Copy out each line of the material in which the word "Ltac" can be found.

+--

Lemma dotv_segment (c s : R) P Q : dotv P P = c ^+ 2 -> dotv Q Q = c ^+ 2 ->
  dotv (P + s *: (Q - P)) (P + s *: (Q - P)) =
  c ^+ 2 - 2 * s * (1 - s) * (c ^+ 2 - dotv P Q).
Proof.
move=> PP QQ; rewrite !(dotvDl, dotvDr, dotvZl, dotvZr, dotvNl, dotvNr).
by rewrite (dotvC Q P) PP QQ; ring.
Qed.

Definition lincomb (x y : 'rV[R]_n) (p q : R) := p *: x + q *: y.

Lemma dotv_lincomb x y p1 q1 p2 q2 :
  dotv (lincomb x y p1 q1) (lincomb x y p2 q2) =
  p1 * p2 * dotv x x + (p1 * q2 + q1 * p2) * dotv x y + q1 * q2 * dotv y y.
Proof. by rewrite !(dotvDl, dotvDr, dotvZl, dotvZr) (dotvC y x); ring. Qed.

End InnerProduct.

Ltac nonzero := repeat (apply/andP; split); try (apply: lt0r_neq0); try lra; try nra.

Section HyperbolicTangent.
Variable R : realType.
Implicit Types x y : R.

Lemma tanhRE x : tanhR x = 2 / (1 + expR (- (2 * x))) - 1.
Proof.
have ex0 := expR_gt0 x.
rewrite (_ : - (2 * x) = - x + - x) ?expRD /tanhR ?expRN; last by ring.
by field; nonzero.
Qed.

Lemma tanhRN x : tanhR (- x) = - tanhR x.
Proof. by rewrite /tanhR opprK -mulNr opprB (addrC (expR x)). Qed.

Lemma tanhR_cvgy : tanhR x @[x --> +oo] --> (1 : R).
Proof.
have e0 : expR (- (2 * x)) @[x --> +oo] --> (0 : R).
  by apply: (cvg_comp _ _ _ (@cvgr_expR R)); exact: gt0_cvgMry cvg_id.
rewrite (_ : @tanhR R = fun x => 2 / (1 + expR (- (2 * x))) - 1); last exact/funext/tanhRE.
rewrite -[X in _ --> X](_ : 2 / (1 + 0) - 1 = 1 :> R); last by rewrite addr0 divr1; ring.
apply: cvgB; last exact: cvg_cst.
apply: cvgM; first exact: cvg_cst.
by apply: cvgV; [rewrite addr0 oner_neq0 | apply: cvgD => //; exact: cvg_cst].
Qed.

Lemma tanhR_cvgNy : tanhR x @[x --> -oo] --> (-1 : R).
Proof.
apply/cvgNy_compNP; rewrite (_ : @tanhR R \o -%R = fun x => - tanhR x).
  exact: cvgN tanhR_cvgy.
by apply/funext => x /=; rewrite tanhRN.
Qed.

Lemma tanhR_sqr_lt1 x : tanhR x ^+ 2 < 1.
Proof.
rewrite tanhRE; have e0 := expR_gt0 (- (2 * x)).
have h1 : 0 < 2 / (1 + expR (- (2 * x))) by apply: divr_gt0; lra.
have h2 : 2 / (1 + expR (- (2 * x))) < 2.
  by rewrite ltr_pdivrMr; lra.
rewrite expr2; nra.
Qed.

Lemma expR_2artanhR y : -1 < y < 1 -> expR (2 * artanhR y) = (1 + y) / (1 - y).
Proof.
case/andP => y1 y2; rewrite /artanhR mulrC divfK ?pnatr_eq0 // lnK // posrE.
by apply: divr_gt0; lra.
Qed.

Lemma tanhR_artanhR y : -1 < y < 1 -> tanhR (artanhR y) = y.
Proof.
move=> y11; rewrite tanhRE expRN expR_2artanhR //; case/andP: y11 => y1 y2.
by field; nonzero.
Qed.

Lemma tanhR_2artanhR y : -1 < y < 1 -> tanhR (2 * artanhR y) = 2 * y / (1 + y ^+ 2).
Proof.
move=> y11; rewrite tanhRE.
rewrite (_ : - _ = - (2 * artanhR y) + - (2 * artanhR y)); last by ring.
rewrite expRD expRN expR_2artanhR //.
case/andP: y11 => y1 y2.
by field; nonzero.
Qed.

Lemma artanhR_gt0 y : 0 < y < 1 -> 0 < artanhR y.
Proof.
case/andP => y0 y1; apply: divr_gt0 => //.
by apply: ln_gt0; rewrite ltr_pdivlMr; lra.
Qed.

End HyperbolicTangent.

Lemma div1_expr4 (R : realType) (c : R) : 1 / c ^+ 4 = (c ^+ 2)^-1 ^+ 2.
Proof. by rewrite mul1r exprVn -exprM. Qed.

(* [field] leaves side conditions that are polynomial in [c]; abstracting
   [e := c^-2] first keeps them within reach of [nonzero]. *)
Ltac field_invc2 c :=
  rewrite ?div1_expr4;
  have : 0 < (c ^+ 2)^-1 by [rewrite invr_gt0 exprn_gt0];
  repeat match goal with H : context [(c ^+ 2)^-1] |- _ => revert H end;
  generalize ((c ^+ 2)^-1) => e; intros; field; nonzero.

+--

## [Result for this exercise]
Ltac nonzero := repeat (apply/andP; split); try (apply: lt0r_neq0); try lra; try nra.
Ltac field_invc2 c :=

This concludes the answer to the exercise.